___ Given records

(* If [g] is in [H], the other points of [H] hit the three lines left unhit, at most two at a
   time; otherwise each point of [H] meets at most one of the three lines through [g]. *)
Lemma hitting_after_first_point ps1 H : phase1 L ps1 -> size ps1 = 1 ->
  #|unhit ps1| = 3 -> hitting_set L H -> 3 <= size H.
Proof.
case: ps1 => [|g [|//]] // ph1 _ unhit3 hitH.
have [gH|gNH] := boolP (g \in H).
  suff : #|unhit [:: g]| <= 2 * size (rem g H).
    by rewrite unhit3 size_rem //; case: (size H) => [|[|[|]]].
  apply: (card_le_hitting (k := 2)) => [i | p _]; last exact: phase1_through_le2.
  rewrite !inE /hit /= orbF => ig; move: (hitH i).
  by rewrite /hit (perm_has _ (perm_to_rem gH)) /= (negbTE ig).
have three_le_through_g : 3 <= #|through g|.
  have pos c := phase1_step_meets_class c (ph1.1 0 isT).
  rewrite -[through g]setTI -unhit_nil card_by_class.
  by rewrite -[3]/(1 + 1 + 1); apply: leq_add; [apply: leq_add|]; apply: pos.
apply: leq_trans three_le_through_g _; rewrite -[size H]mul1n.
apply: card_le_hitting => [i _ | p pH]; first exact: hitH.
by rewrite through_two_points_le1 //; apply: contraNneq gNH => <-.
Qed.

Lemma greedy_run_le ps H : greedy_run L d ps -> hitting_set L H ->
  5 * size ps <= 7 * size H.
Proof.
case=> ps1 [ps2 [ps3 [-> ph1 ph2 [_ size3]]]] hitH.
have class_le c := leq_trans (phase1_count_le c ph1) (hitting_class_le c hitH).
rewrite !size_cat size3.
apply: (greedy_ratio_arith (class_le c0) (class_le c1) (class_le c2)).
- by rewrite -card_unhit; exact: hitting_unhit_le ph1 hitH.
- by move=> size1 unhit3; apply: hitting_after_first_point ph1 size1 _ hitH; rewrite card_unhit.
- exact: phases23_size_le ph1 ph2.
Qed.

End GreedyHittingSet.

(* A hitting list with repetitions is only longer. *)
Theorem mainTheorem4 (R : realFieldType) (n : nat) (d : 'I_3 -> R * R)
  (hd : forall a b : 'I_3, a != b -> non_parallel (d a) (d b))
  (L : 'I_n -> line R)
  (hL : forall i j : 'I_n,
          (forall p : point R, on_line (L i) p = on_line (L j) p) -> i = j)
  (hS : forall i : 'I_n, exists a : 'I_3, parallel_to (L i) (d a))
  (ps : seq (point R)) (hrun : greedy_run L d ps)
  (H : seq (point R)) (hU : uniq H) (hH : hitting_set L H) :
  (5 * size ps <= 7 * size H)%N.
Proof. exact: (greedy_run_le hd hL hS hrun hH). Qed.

______

Exercise description. Write out the records once more, precisely as they stand.

Answer space.
(* If [g] is in [H], the other points of [H] hit the three lines left unhit, at most two at a
   time; otherwise each point of [H] meets at most one of the three lines through [g]. *)
Lemma hitting_after_first_point ps1 H : phase1 L ps1 -> size ps1 = 1 ->
  #|unhit ps1| = 3 -> hitting_set L H -> 3 <= size H.
Proof.
case: ps1 => [|g [|//]] // ph1 _ unhit3 hitH.
have [gH|gNH] := boolP (g \in H).
  suff : #|unhit [:: g]| <= 2 * size (rem g H).
    by rewrite unhit3 size_rem //; case: (size H) => [|[|[|]]].
  apply: (card_le_hitting (k := 2)) => [i | p _]; last exact: phase1_through_le2.
  rewrite !inE /hit /= orbF => ig; move: (hitH i).
  by rewrite /hit (perm_has _ (perm_to_rem gH)) /= (negbTE ig).
have three_le_through_g : 3 <= #|through g|.
  have pos c := phase1_step_meets_class c (ph1.1 0 isT).
  rewrite -[through g]setTI -unhit_nil card_by_class.
  by rewrite -[3]/(1 + 1 + 1); apply: leq_add; [apply: leq_add|]; apply: pos.
apply: leq_trans three_le_through_g _; rewrite -[size H]mul1n.
apply: card_le_hitting => [i _ | p pH]; first exact: hitH.
by rewrite through_two_points_le1 //; apply: contraNneq gNH => <-.
Qed.

Lemma greedy_run_le ps H : greedy_run L d ps -> hitting_set L H ->
  5 * size ps <= 7 * size H.
Proof.
case=> ps1 [ps2 [ps3 [-> ph1 ph2 [_ size3]]]] hitH.
have class_le c := leq_trans (phase1_count_le c ph1) (hitting_class_le c hitH).
rewrite !size_cat size3.
apply: (greedy_ratio_arith (class_le c0) (class_le c1) (class_le c2)).
- by rewrite -card_unhit; exact: hitting_unhit_le ph1 hitH.
- by move=> size1 unhit3; apply: hitting_after_first_point ph1 size1 _ hitH; rewrite card_unhit.
- exact: phases23_size_le ph1 ph2.
Qed.

End GreedyHittingSet.

(* A hitting list with repetitions is only longer. *)
Theorem mainTheorem4 (R : realFieldType) (n : nat) (d : 'I_3 -> R * R)
  (hd : forall a b : 'I_3, a != b -> non_parallel (d a) (d b))
  (L : 'I_n -> line R)
  (hL : forall i j : 'I_n,
          (forall p : point R, on_line (L i) p = on_line (L j) p) -> i = j)
  (hS : forall i : 'I_n, exists a : 'I_3, parallel_to (L i) (d a))
  (ps : seq (point R)) (hrun : greedy_run L d ps)
  (H : seq (point R)) (hU : uniq H) (hH : hitting_set L H) :
  (5 * size ps <= 7 * size H)%N.
Proof. exact: (greedy_run_le hd hL hS hrun hH). Qed.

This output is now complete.